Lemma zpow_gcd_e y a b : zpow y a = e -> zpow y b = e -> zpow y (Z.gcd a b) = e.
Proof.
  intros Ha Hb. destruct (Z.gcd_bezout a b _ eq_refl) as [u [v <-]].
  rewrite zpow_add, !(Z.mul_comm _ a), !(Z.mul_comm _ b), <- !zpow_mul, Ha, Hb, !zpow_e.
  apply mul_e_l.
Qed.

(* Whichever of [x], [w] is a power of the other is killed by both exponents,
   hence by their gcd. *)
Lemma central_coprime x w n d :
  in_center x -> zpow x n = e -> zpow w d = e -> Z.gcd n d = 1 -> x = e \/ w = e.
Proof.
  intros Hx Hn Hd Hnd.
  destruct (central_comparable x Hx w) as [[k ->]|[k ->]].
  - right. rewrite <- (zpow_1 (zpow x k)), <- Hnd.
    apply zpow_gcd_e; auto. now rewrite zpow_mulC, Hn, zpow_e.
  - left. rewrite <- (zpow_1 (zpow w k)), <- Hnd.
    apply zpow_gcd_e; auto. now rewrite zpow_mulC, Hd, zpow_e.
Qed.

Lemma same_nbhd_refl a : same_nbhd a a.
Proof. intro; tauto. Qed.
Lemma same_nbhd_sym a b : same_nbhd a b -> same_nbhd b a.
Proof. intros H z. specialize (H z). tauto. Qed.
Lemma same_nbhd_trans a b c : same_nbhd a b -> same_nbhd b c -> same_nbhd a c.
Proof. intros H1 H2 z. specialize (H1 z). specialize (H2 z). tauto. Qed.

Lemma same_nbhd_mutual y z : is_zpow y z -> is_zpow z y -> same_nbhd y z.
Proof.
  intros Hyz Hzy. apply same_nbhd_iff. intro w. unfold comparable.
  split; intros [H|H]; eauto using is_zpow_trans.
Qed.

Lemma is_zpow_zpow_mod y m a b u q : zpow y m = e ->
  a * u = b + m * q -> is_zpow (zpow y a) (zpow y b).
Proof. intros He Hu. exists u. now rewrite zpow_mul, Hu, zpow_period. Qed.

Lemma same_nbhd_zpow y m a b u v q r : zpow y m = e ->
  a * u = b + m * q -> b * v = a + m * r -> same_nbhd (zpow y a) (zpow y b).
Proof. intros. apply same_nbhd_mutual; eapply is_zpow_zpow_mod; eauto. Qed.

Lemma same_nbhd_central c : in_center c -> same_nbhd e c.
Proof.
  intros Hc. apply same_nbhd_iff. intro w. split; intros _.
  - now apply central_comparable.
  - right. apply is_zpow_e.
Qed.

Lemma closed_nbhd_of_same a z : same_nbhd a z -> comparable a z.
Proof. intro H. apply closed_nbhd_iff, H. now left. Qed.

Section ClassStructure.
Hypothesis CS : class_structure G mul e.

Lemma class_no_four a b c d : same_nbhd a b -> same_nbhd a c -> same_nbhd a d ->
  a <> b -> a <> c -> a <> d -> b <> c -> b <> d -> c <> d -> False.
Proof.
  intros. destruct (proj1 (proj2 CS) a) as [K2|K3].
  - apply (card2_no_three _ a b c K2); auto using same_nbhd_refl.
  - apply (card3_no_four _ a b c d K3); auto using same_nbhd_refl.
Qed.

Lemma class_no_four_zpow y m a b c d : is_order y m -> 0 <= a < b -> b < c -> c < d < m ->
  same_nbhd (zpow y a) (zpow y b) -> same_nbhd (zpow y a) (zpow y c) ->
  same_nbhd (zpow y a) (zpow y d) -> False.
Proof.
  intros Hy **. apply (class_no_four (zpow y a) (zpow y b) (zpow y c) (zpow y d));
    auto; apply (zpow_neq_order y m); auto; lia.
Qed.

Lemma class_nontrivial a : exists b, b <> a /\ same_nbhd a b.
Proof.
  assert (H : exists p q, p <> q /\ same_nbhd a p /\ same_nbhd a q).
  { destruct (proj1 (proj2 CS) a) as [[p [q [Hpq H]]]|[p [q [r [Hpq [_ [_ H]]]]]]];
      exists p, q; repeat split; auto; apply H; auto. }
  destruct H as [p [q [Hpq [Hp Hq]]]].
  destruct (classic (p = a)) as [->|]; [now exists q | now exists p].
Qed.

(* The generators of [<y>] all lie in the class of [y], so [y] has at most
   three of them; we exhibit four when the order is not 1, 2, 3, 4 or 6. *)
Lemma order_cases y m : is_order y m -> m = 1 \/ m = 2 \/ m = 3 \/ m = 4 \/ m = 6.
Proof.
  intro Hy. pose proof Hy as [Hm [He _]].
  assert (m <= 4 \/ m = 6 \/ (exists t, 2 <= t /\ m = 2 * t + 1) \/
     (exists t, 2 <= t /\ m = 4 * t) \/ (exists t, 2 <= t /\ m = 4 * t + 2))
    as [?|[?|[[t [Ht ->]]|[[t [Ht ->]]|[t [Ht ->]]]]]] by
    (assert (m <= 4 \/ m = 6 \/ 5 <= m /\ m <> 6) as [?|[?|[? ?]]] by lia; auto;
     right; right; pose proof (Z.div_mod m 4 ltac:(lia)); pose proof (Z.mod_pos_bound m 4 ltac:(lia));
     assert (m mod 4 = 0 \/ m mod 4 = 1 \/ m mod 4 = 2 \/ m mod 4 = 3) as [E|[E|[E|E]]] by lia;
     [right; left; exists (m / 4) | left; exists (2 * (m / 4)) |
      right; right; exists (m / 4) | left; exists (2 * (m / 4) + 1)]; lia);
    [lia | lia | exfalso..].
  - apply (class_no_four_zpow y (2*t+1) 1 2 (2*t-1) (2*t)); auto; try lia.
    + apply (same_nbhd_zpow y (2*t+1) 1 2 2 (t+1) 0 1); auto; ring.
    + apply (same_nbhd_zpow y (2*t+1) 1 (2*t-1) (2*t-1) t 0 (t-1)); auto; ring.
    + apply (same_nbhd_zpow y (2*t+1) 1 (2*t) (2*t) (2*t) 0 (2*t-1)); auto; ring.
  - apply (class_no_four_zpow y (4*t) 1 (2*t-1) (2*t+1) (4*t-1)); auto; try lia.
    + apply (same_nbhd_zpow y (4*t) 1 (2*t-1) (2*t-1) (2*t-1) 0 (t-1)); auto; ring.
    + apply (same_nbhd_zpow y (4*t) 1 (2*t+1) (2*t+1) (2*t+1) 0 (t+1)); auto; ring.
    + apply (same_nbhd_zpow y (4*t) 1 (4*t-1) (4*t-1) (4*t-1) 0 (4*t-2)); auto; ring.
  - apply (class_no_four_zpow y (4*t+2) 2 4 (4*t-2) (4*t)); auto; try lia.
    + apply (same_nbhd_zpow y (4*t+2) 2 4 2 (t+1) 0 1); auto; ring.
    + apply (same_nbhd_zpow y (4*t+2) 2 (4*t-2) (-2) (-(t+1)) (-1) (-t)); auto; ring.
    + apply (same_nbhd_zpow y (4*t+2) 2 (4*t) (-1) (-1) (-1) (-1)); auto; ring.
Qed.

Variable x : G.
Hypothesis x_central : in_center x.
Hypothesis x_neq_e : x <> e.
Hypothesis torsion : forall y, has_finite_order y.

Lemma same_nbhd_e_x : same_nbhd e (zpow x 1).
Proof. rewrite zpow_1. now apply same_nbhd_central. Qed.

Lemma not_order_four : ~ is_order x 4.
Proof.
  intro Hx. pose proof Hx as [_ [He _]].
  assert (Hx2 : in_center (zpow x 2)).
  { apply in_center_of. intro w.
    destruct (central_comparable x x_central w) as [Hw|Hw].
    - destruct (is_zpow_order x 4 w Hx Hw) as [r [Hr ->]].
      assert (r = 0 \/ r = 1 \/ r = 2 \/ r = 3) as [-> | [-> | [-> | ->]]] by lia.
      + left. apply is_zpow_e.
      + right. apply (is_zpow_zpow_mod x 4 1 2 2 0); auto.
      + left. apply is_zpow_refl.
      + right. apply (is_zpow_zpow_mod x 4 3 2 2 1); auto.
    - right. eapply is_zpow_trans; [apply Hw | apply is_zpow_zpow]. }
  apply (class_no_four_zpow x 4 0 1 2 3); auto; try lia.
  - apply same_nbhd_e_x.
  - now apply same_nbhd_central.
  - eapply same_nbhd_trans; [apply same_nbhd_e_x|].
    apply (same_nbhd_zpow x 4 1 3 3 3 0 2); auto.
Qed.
----------------
• **What to produce**: One stretch of the lines above is wanted, from the line that contains "- left. rewrite" through the line that contains "Proof. intros. apply". Output it exactly.

• **Exercise output**:
  - left. rewrite <- (zpow_1 (zpow w k)), <- Hnd.
    apply zpow_gcd_e; auto. now rewrite zpow_mulC, Hd, zpow_e.
Qed.

Lemma same_nbhd_refl a : same_nbhd a a.
Proof. intro; tauto. Qed.
Lemma same_nbhd_sym a b : same_nbhd a b -> same_nbhd b a.
Proof. intros H z. specialize (H z). tauto. Qed.
Lemma same_nbhd_trans a b c : same_nbhd a b -> same_nbhd b c -> same_nbhd a c.
Proof. intros H1 H2 z. specialize (H1 z). specialize (H2 z). tauto. Qed.

Lemma same_nbhd_mutual y z : is_zpow y z -> is_zpow z y -> same_nbhd y z.
Proof.
  intros Hyz Hzy. apply same_nbhd_iff. intro w. unfold comparable.
  split; intros [H|H]; eauto using is_zpow_trans.
Qed.

Lemma is_zpow_zpow_mod y m a b u q : zpow y m = e ->
  a * u = b + m * q -> is_zpow (zpow y a) (zpow y b).
Proof. intros He Hu. exists u. now rewrite zpow_mul, Hu, zpow_period. Qed.

Lemma same_nbhd_zpow y m a b u v q r : zpow y m = e ->
  a * u = b + m * q -> b * v = a + m * r -> same_nbhd (zpow y a) (zpow y b).
Proof. intros. apply same_nbhd_mutual; eapply is_zpow_zpow_mod; eauto. Qed.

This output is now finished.